Aims and Objectives of the Course:

Aims, Course Content, Course Homepage and Books

Aims and Objectives of the Course:

To provide an introduction to some of the fundamental ideas underlying
the description of non-linear and chaotic systems in physics.
To develop an assortment of concepts and techniques which can be used for
describing the essential features of non-linear systems.
Although physics makes wide use of linear models the physical world is
inherently non-linear. This is a mathematical physics course aimed at
providing an appreciation of such non-linear systems. We shall illustrate
how non-linear differential equations can be used to introduce the geometric
(or topological) concepts used to analyze and model a wide range of
non-linear dynamics. We shall also study some one- and two-dimensional
difference equations (or maps) and see that they are dynamically much richer
than ordinary differential equations with the same number of dynamic
dimensions and see in turn how this helps lead to an appreciation of how
dynamical systems may approach chaotic behaviour.

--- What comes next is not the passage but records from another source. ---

(* Fix a state $x^\circ\in\mathsf{X}$ and let $\tau_{x^\circ}=\min\{t\ge1: X(t)=x^\circ\}$. Suppose the relative value function $h^*$ admits the stochastic shortest path (SSP) representation \[ h^*(x)=\min_{U}\mathsf{E}_x\Bigl[\sum_{t=0}^{\tau_{x^\circ}-1}\bigl(c(X(t),U(t))-\eta^*\bigr)\Bigr], \] with the minimum attained by an optimal stationary policy $\phi^*$ that is $(c,h^* )$-myopic. Let $h\colon\mathsf{X}\to\mathbb{R}$, let $\eta\in\mathbb{R}_+$, let $\mathcal{E}_B$ be the Bellman error of $h$ and $c^h(x,u)=c(x,u)-\mathcal{E}_B(x)+\eta$ the perturbed cost, and suppose $h$ admits the SSP representation \[ h(x)=\min_{U}\mathsf{E}_x\Bigl[\sum_{t=0}^{\tau_{x^\circ}-1}\bigl(c^h(X(t),U(t))-\eta\bigr)\Bigr], \] where the minimizing policy is the $(c^h,h)$-myopic policy $\phi^h$ (equivalently the $(c,h)$-myopic policy). Then the direct error $\mathcal{E}_d(x)=h^*(x)-h(x)$ satisfies, for each $x\in\mathsf{X}$, \[ \mathsf{E}^{\phi^*}_x\Bigl[\sum_{t=0}^{\tau_{x^\circ}-1}\bigl(\mathcal{E}_B(X(t))-\eta^*\bigr)\Bigr]\le \mathcal{E}_d(x)\le \mathsf{E}^{\phi^h}_x\Bigl[\sum_{t=0}^{\tau_{x^\circ}-1}\bigl(\mathcal{E}_B(X(t))-\eta^*\bigr)\Bigr], \] where $\mathsf{E}^\phi_x$ denotes expectation for the controlled chain started at $x$ under the stationary policy $\phi$.
   Context: MDP model: state space $\mathsf{X}\subseteq\mathbb{R}^\ell$, action space $\mathsf{U}\subseteq\mathbb{R}^{\ell_u}$, feasible action sets $\mathsf{U}(x)$, i.i.d. disturbance $W$ on $\mathbb{R}^w$, dynamics $X(t+1)=X(t)+f(X(t),U(t),W(t+1))$. Generator $\mathcal{D}_u h(x)=\mathsf{E}[h(x+f(x,u,W(1)))]-h(x)$. Cost $c\colon\mathsf{X}\times\mathsf{U}\to\mathbb{R}_+$. The average cost of an input sequence $U$ from $x$ is $\limsup_{n\to\infty}\frac1n\sum_{t=0}^{n-1}\mathsf{E}_x[c(X(t),U(t))]$; $\eta^*$ denotes its infimum over all input sequences, assumed independent of $x$. The relative value function $h^*$ and $\eta^*$ satisfy the average cost optimality equation $\min_{u\in\mathsf{U}(x)}(c(x,u)+\mathcal{D}_u h^*(x))=\eta^*$. For a function $g$, a $(c,g)$-myopic policy is any $\phi^g(x)\in\arg\min_{u\in\mathsf{U}(x)}(c(x,u)+\mathcal{D}_u g(x))$. For a function $h$, its Bellman error is $\mathcal{E}_B(x)=\min_{u\in\mathsf{U}(x)}(c(x,u)+\mathcal{D}_u h(x))$. *)

From HB Require Import structures.
From mathcomp Require Import all_boot all_order all_algebra.
From mathcomp Require Import all_classical all_reals all_analysis.
From mathcomp Require Import measurable_realfun.
Set Implicit Arguments. Unset Strict Implicit. Unset Printing Implicit Defensive.
Import Order.TTheory GRing.Theory Num.Theory.
Local Open Scope classical_set_scope.
Local Open Scope ring_scope.

(* Vectors of R^n are 'rV[R]_n; to speak of (Borel) measurability we view
   them as n-tuples of reals (product = Borel sigma-algebra on R^n). *)
Definition rv2t (R : realType) (n : nat) (v : 'rV[R]_n) : n.-tuple R :=
  [tuple v ord0 i | i < n].

Section MDP.
Context {R : realType} {l lu w : nat} {d : measure_display}
        {Omega : measurableType d} (P : probability Omega R).
(* disturbance sequence W(1), W(2), ... (W 0 is unused) *)
Variable W : nat -> Omega -> w.-tuple R.
Variable f : 'rV[R]_l -> 'rV[R]_lu -> w.-tuple R -> 'rV[R]_l.

Definition iid_disturbance : Prop :=
  [/\ (forall t, (0 < t)%N -> measurable_fun setT (W t)),
      (forall s t (A : set (w.-tuple R)), (0 < s)%N -> (0 < t)%N ->
         measurable A -> P (W s @^-1` A) = P (W t @^-1` A)) &
      (forall (s : seq nat) (A : nat -> set (w.-tuple R)),
         uniq s -> all (fun t => 0 < t)%N s -> (forall t, measurable (A t)) ->
         P (\bigcap_(t in [set` s]) (W t @^-1` A t)) =
         (\prod_(t <- s) P (W t @^-1` A t))%E)].

Fixpoint state (x : 'rV[R]_l) (U : nat -> Omega -> 'rV[R]_lu) (t : nat)
  (om : Omega) : 'rV[R]_l :=
  match t with
  | 0 => x
  | t'.+1 => state x U t' om + f (state x U t' om) (U t' om) (W t'.+1 om)
  end.

Fixpoint spstate (phi : 'rV[R]_l -> 'rV[R]_lu) (x : 'rV[R]_l) (t : nat)
  (om : Omega) : 'rV[R]_l :=
  match t with
  | 0 => x
  | t'.+1 => spstate phi x t' om
             + f (spstate phi x t' om) (phi (spstate phi x t' om)) (W t'.+1 om)
  end.

Definition spinput (phi : 'rV[R]_l -> 'rV[R]_lu) (x : 'rV[R]_l) :
  nat -> Omega -> 'rV[R]_lu := fun t om => phi (spstate phi x t om).

(* admissible input sequences from x: feasible, measurable and
   non-anticipative (U(t) depends only on W(1),...,W(t)). *)
Definition admissible (Ufeas : 'rV[R]_l -> set 'rV[R]_lu) (x : 'rV[R]_l)
  (U : nat -> Omega -> 'rV[R]_lu) : Prop :=
  [/\ forall t om, Ufeas (state x U t om) (U t om),
      forall t, measurable_fun setT (fun om => rv2t (U t om)) &
      forall t om om', (forall s, (0 < s <= t)%N -> W s om = W s om') ->
        U t om = U t om'].

Definition avg_cost (c : 'rV[R]_l -> 'rV[R]_lu -> R) (x : 'rV[R]_l)
  (U : nat -> Omega -> 'rV[R]_lu) : \bar R :=
  limn_esup (fun n => ((n%:R)^-1)%:E *
    \sum_(t < n) \int[P]_om (c (state x U t om) (U t om))%:E)%E.

Definition gen (h : 'rV[R]_l -> R) (u : 'rV[R]_lu) (x : 'rV[R]_l) : \bar R :=
  (\int[P]_om (h (x + f x u (W 1 om)))%:E - (h x)%:E)%E.

Definition is_min_over (Ufeas : 'rV[R]_l -> set 'rV[R]_lu) (x : 'rV[R]_l)
  (F : 'rV[R]_lu -> \bar R) (m : \bar R) : Prop :=
  (exists2 u, Ufeas x u & F u = m) /\ (forall u, Ufeas x u -> (m <= F u)%E).

Definition myopic (Xs : set 'rV[R]_l) (Ufeas : 'rV[R]_l -> set 'rV[R]_lu)
  (c : 'rV[R]_l -> 'rV[R]_lu -> R) (g : 'rV[R]_l -> R)
  (phi : 'rV[R]_l -> 'rV[R]_lu) : Prop :=
  forall x, Xs x -> Ufeas x (phi x) /\
    forall u, Ufeas x u -> ((c x (phi x))%:E + gen g (phi x) x <=
                            (c x u)%:E + gen g u x)%E.

Definition hitting_time (xo : 'rV[R]_l) (X : nat -> 'rV[R]_l) : option nat :=
  match pselect (exists n, (0 < n)%N && (X n == xo)) with
  | left e => Some (ex_minn e)
  | right _ => None
  end.

(* sum_{t=0}^{tau-1} G t along a path X; +oo when tau = +oo
   (standard SSP convention: improper behaviour has infinite cost). *)
Definition sum_to_hit (xo : 'rV[R]_l) (X : nat -> 'rV[R]_l) (G : nat -> R)
  : \bar R :=
  match hitting_time xo X with
  | Some n => (\sum_(t < n) G t)%:E
  | None => +oo%E
  end.

Definition ssp_integrand (xo : 'rV[R]_l) (g : 'rV[R]_l -> 'rV[R]_lu -> R)
  (x : 'rV[R]_l) (U : nat -> Omega -> 'rV[R]_lu) (om : Omega) : \bar R :=
  sum_to_hit xo (fun t => state x U t om) (fun t => g (state x U t om) (U t om)).

Definition ssp_cost (xo : 'rV[R]_l) (g : 'rV[R]_l -> 'rV[R]_lu -> R)
  (x : 'rV[R]_l) (U : nat -> Omega -> 'rV[R]_lu) : \bar R :=
  \int[P]_om ssp_integrand xo g x U om.

Definition ssp_representation (Ufeas : 'rV[R]_l -> set 'rV[R]_lu)
  (xo : 'rV[R]_l) (g : 'rV[R]_l -> 'rV[R]_lu -> R) (hv : 'rV[R]_l -> R)
  (phi : 'rV[R]_l -> 'rV[R]_lu) (x : 'rV[R]_l) : Prop :=
  [/\ admissible Ufeas x (spinput phi x),
      ssp_cost xo g x (spinput phi x) = (hv x)%:E &
      forall U, admissible Ufeas x U -> ((hv x)%:E <= ssp_cost xo g x U)%E].

End MDP.

From HB Require Import structures.
From mathcomp Require Import all_boot all_order all_algebra.
From mathcomp Require Import all_classical all_reals all_analysis.
From mathcomp Require Import measurable_realfun.
From mathcomp Require Import lra.
Import Order.TTheory GRing.Theory Num.Theory.
Local Open Scope classical_set_scope.
Local Open Scope ring_scope.

(* Along every path, the SSP sum of [c - eta*] is the SSP sum of
   [c^h - eta] plus the SSP sum of [E_B - eta*] (all three are [+oo] when
   [x°] is never reached).  Under [phi*] the first expectation is [h*(x)] and
   the second is at least [h(x)], since [h] is the SSP minimum; this gives the
   lower bound, and exchanging the roles of [phi*] and [phi^h] gives the upper
   one.  The expectations may be infinite, so the additivity of the integral is
   replaced by inequalities between the integrals of positive and negative
   parts, which need only one of the integrals to be finite. *)

Section extended_real_parts.
Context {R : realType}.
Local Open Scope ereal_scope.
Implicit Types b c : \bar R.

Lemma eposD_eneg b c :
  maxe (b + c) 0 + maxe (- b) 0 + maxe (- c) 0 =
  maxe (- (b + c)) 0 + maxe b 0 + maxe c 0.
Proof.
case: b => [b| |]; case: c => [c| |]; rewrite !maxEle /adde /= ?lee_fin;
  repeat case: ifPn => //=; rewrite ?lee_fin -?EFinD;
  try (move=> *; apply/eqP; rewrite eqe; apply/eqP; lra).
Qed.

Lemma eneg_le_enegD_epos b c : maxe (- c) 0 <= maxe (- (b + c)) 0 + maxe b 0.
Proof.
case: b => [b| |]; case: c => [c| |]; rewrite !maxEle /adde /= ?lee_fin;
  repeat case: ifPn => //=; rewrite ?lee_fin -?EFinD ?lee_fin ?leey ?leNye //;
  lra.
Qed.

Lemma le_sube_subeB (pA nA pB nB pC nC : \bar R) (a : R) :
  0 <= pB -> 0 <= nB -> 0 <= pC -> 0 <= nC ->
  pA - nA = a%:E -> pA + nB + nC = nA + pB + pC ->
  pC - nC <= (pA - nA) - (pB - nB).
Proof.
move=> + + + + + /eqP.
case: pA => [pA| |]; case: nA => [nA| |]; case: pB => [pB| |];
  case: nB => [nB| |]; case: pC => [pC| |]; case: nC => [nC| |] //=;
  rewrite /adde /= ?lee_fin ?leey ?leNye // => _ _ _ _ _.
by rewrite -!EFinD eqe => /eqP; lra.
Qed.

Lemma subeB_le_sube (pA nA pB nB pC nC : \bar R) (b : R) :
  0 <= pA -> 0 <= nA -> 0 <= pC -> 0 <= nC ->
  pB - nB = b%:E -> nC <= nA + pB -> pA + nB + nC = nA + pB + pC ->
  (pA - nA) - (pB - nB) <= pC - nC.
Proof.
move=> + + + + + + /eqP.
case: pA => [pA| |]; case: nA => [nA| |]; case: pB => [pB| |];
  case: nB => [nB| |]; case: pC => [pC| |]; case: nC => [nC| |] //=;
  rewrite /adde /= ?lee_fin ?leey ?leNye // => _ _ _ _ _.
by rewrite -!EFinD eqe => ? /eqP; lra.
Qed.

End extended_real_parts.

Section integral_of_sum.
Context {d : measure_display} {T : measurableType d} {R : realType}
  (mu : {measure set T -> \bar R}).
Local Open Scope ereal_scope.
Context {A B C : T -> \bar R}.
Hypotheses (mA : measurable_fun setT A) (mB : measurable_fun setT B)
  (mC : measurable_fun setT C) (ABC : forall x, A x = B x + C x).

Let integral_parts_balance :
  \int[mu]_x A^\+ x + \int[mu]_x B^\- x + \int[mu]_x C^\- x =
  \int[mu]_x A^\- x + \int[mu]_x B^\+ x + \int[mu]_x C^\+ x.
Proof.
rewrite -!ge0_integralD //;
  do ?[exact: measurable_funepos | exact: measurable_funeneg
      | apply: emeasurable_funD | by move=> x _; apply: adde_ge0].
by apply: eq_integral => x _; rewrite !funeposE !funenegE ABC eposD_eneg.
Qed.

Let integral_eneg_le :
  \int[mu]_x C^\- x <= \int[mu]_x A^\- x + \int[mu]_x B^\+ x.
Proof.
have mAB : measurable_fun setT (A^\- \+ B^\+).
  by apply: emeasurable_funD;
    [exact: measurable_funeneg | exact: measurable_funepos].
rewrite -ge0_integralD //;
  [|exact: measurable_funeneg | exact: measurable_funepos].
apply: ge0_le_integral => //; first exact: measurable_funeneg.
by move=> x _; rewrite !funeposE !funenegE ABC eneg_le_enegD_epos.
Qed.

Lemma integral_le_integralB (a : R) : \int[mu]_x A x = a%:E ->
  \int[mu]_x C x <= \int[mu]_x A x - \int[mu]_x B x.
Proof.
rewrite [\int[mu]_x A x]integralE [\int[mu]_x B x]integralE
  [\int[mu]_x C x]integralE => intA.
by apply: le_sube_subeB intA integral_parts_balance; apply: integral_ge0.
Qed.

Lemma integralB_le_integral (b : R) : \int[mu]_x B x = b%:E ->
  \int[mu]_x A x - \int[mu]_x B x <= \int[mu]_x C x.
Proof.
rewrite [\int[mu]_x A x]integralE [\int[mu]_x B x]integralE
  [\int[mu]_x C x]integralE => intB.
by apply: subeB_le_sube intB integral_eneg_le integral_parts_balance;
  apply: integral_ge0.
Qed.

End integral_of_sum.

Section ssp_integrand_additive.
Context {R : realType} {l lu w : nat} {d : measure_display}
  {Omega : measurableType d}.
Variables (W : nat -> Omega -> w.-tuple R)
  (f : 'rV[R]_l -> 'rV[R]_lu -> w.-tuple R -> 'rV[R]_l) (xo : 'rV[R]_l).

Lemma ssp_integrandD (g g1 g2 : 'rV[R]_l -> 'rV[R]_lu -> R) x U om :
  (forall y u, g y u = g1 y u + g2 y u) ->
  ssp_integrand W f xo g x U om =
  (ssp_integrand W f xo g1 x U om + ssp_integrand W f xo g2 x U om)%E.
Proof.
move=> g12; rewrite /ssp_integrand /sum_to_hit.
case: hitting_time => [n|] //.
by rewrite -EFinD -big_split; congr _%:E; apply: eq_bigr => t _; rewrite g12.
Qed.

End ssp_integrand_additive.

Theorem proposition2
  (R : realType) (l lu w : nat) (d : measure_display)
  (Omega : measurableType d) (P : probability Omega R)
  (W : nat -> Omega -> w.-tuple R)
  (f : 'rV[R]_l -> 'rV[R]_lu -> w.-tuple R -> 'rV[R]_l)
  (Xs : set 'rV[R]_l) (Us : set 'rV[R]_lu) (Ufeas : 'rV[R]_l -> set 'rV[R]_lu)
  (c : 'rV[R]_l -> 'rV[R]_lu -> R)
  (etas : R) (hs : 'rV[R]_l -> R) (phis : 'rV[R]_l -> 'rV[R]_lu)
  (xo : 'rV[R]_l)
  (h : 'rV[R]_l -> R) (eta : R) (EB : 'rV[R]_l -> R)
  (phih : 'rV[R]_l -> 'rV[R]_lu) :
  (* standing assumptions on the MDP model *)
  iid_disturbance P W ->
  (forall x, Ufeas x `<=` Us) ->
  (forall x u t om, Xs x -> Ufeas x u -> Xs (x + f x u (W t om))) ->
  (forall x u, 0 <= c x u) ->
  (* eta* is the optimal average cost, independent of the initial state *)
  (forall x, Xs x ->
     etas%:E = ereal_inf [set avg_cost P W f c x U | U in admissible W f Ufeas x]) ->
  (* average cost optimality equation for (h*, eta* ) *)
  (forall x, Xs x ->
     is_min_over Ufeas x (fun u => ((c x u)%:E + gen P W f hs u x)%E) etas%:E) ->
  Xs xo ->
  (* SSP representation of h*, attained by the (c,h* )-myopic policy phi* *)
  myopic P W f Xs Ufeas c hs phis ->
  (forall x, Xs x -> ssp_representation P W f Ufeas xo
                       (fun y u => c y u - etas) hs phis x) ->
  (* h, eta, its Bellman error EB and the perturbed cost c^h *)
  0 <= eta ->
  (forall x, Xs x ->
     is_min_over Ufeas x (fun u => ((c x u)%:E + gen P W f h u x)%E) (EB x)%:E) ->
  (* SSP representation of h, attained by the (c^h,h)-myopic policy phi^h *)
  myopic P W f Xs Ufeas (fun y u => c y u - EB y + eta) h phih ->
  (forall x, Xs x -> ssp_representation P W f Ufeas xo
                       (fun y u => (c y u - EB y + eta) - eta) h phih x) ->
  (* the expectations involved are expectations of random variables *)
  (forall x (phi : 'rV[R]_l -> 'rV[R]_lu) (g : 'rV[R]_l -> 'rV[R]_lu -> R),
     Xs x -> (phi = phis \/ phi = phih) ->
     [\/ g = (fun y u => c y u - etas),
         g = (fun y u => (c y u - EB y + eta) - eta) |
         g = (fun y _ => EB y - etas)] ->
     measurable_fun setT (ssp_integrand W f xo g x (spinput W f phi x))) ->
  (* conclusion: bounds on the direct error E_d = h* - h *)
  forall x, Xs x ->
    (ssp_cost P W f xo (fun y _ => (EB y - etas)%R) x (spinput W f phis x)
       <= (hs x - h x)%:E
       <= ssp_cost P W f xo (fun y _ => (EB y - etas)%R) x (spinput W f phih x))%E.
Proof.
(* Only the two SSP representations and the measurability hypothesis are
   used. *)
move=> _ _ _ _ _ _ _ _ ssps _ _ _ ssph meas x Xx.
have [adm_s cost_s min_s] := ssps x Xx.
have [adm_h cost_h min_h] := ssph x Xx.
rewrite /ssp_cost in cost_s cost_h min_s min_h *.
have split_cost phi om :
  ssp_integrand W f xo (fun y u => c y u - etas) x (spinput W f phi x) om =
  (ssp_integrand W f xo (fun y u => (c y u - EB y + eta - eta)%R) x
     (spinput W f phi x) om +
   ssp_integrand W f xo (fun y _ => (EB y - etas)%R) x (spinput W f phi x) om)%E.
  by apply: ssp_integrandD => y u; lra.
have meas_s g := meas x phis g Xx (or_introl erefl).
have meas_h g := meas x phih g Xx (or_intror erefl).
apply/andP; split.
- apply: le_trans (integral_le_integralB P (meas_s _ (@Or31 _ _ _ erefl))
    (meas_s _ (@Or32 _ _ _ erefl)) (meas_s _ (@Or33 _ _ _ erefl))
    (split_cost phis) _ cost_s) _.
  by rewrite cost_s EFinB; apply: leeB; [exact: lexx | exact: min_h].
- apply: le_trans (integralB_le_integral P (meas_h _ (@Or31 _ _ _ erefl))
    (meas_h _ (@Or32 _ _ _ erefl)) (meas_h _ (@Or33 _ _ _ erefl))
    (split_cost phih) _ cost_h).
  by rewrite cost_h EFinB; apply: leeB; [exact: min_s | exact: lexx].
Qed.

The course will consist of lectures, example classes and computing exercises.

Overview of Lecture content:

Introductory overview of non-linear dynamic systems, dissipative and
conservative.
Autonomous and non-autonomous first and second order non-linear differential
equations (ie. vector fields), deterministic, stochastic...physical examples.
Phase space, stability analysis, Poincare sections, phase transformations
and period doubling.
Linear and non-linear difference equations (ie. Maps), logistic, area
preserving, Henon, Chirikov.
Global behaviour via Poincare maps. Universal behaviour of quadratic maps,
self similarity.
Routes to chaos: bifurcations, intermittency, strange attractors (fractal
dimension, renormalization-group).
Regular and irregular motion in conservative systems, ergodicity.
Search for quantum chaos.

Computing exercises:

These require working through some worksheets using TWO distinct tools.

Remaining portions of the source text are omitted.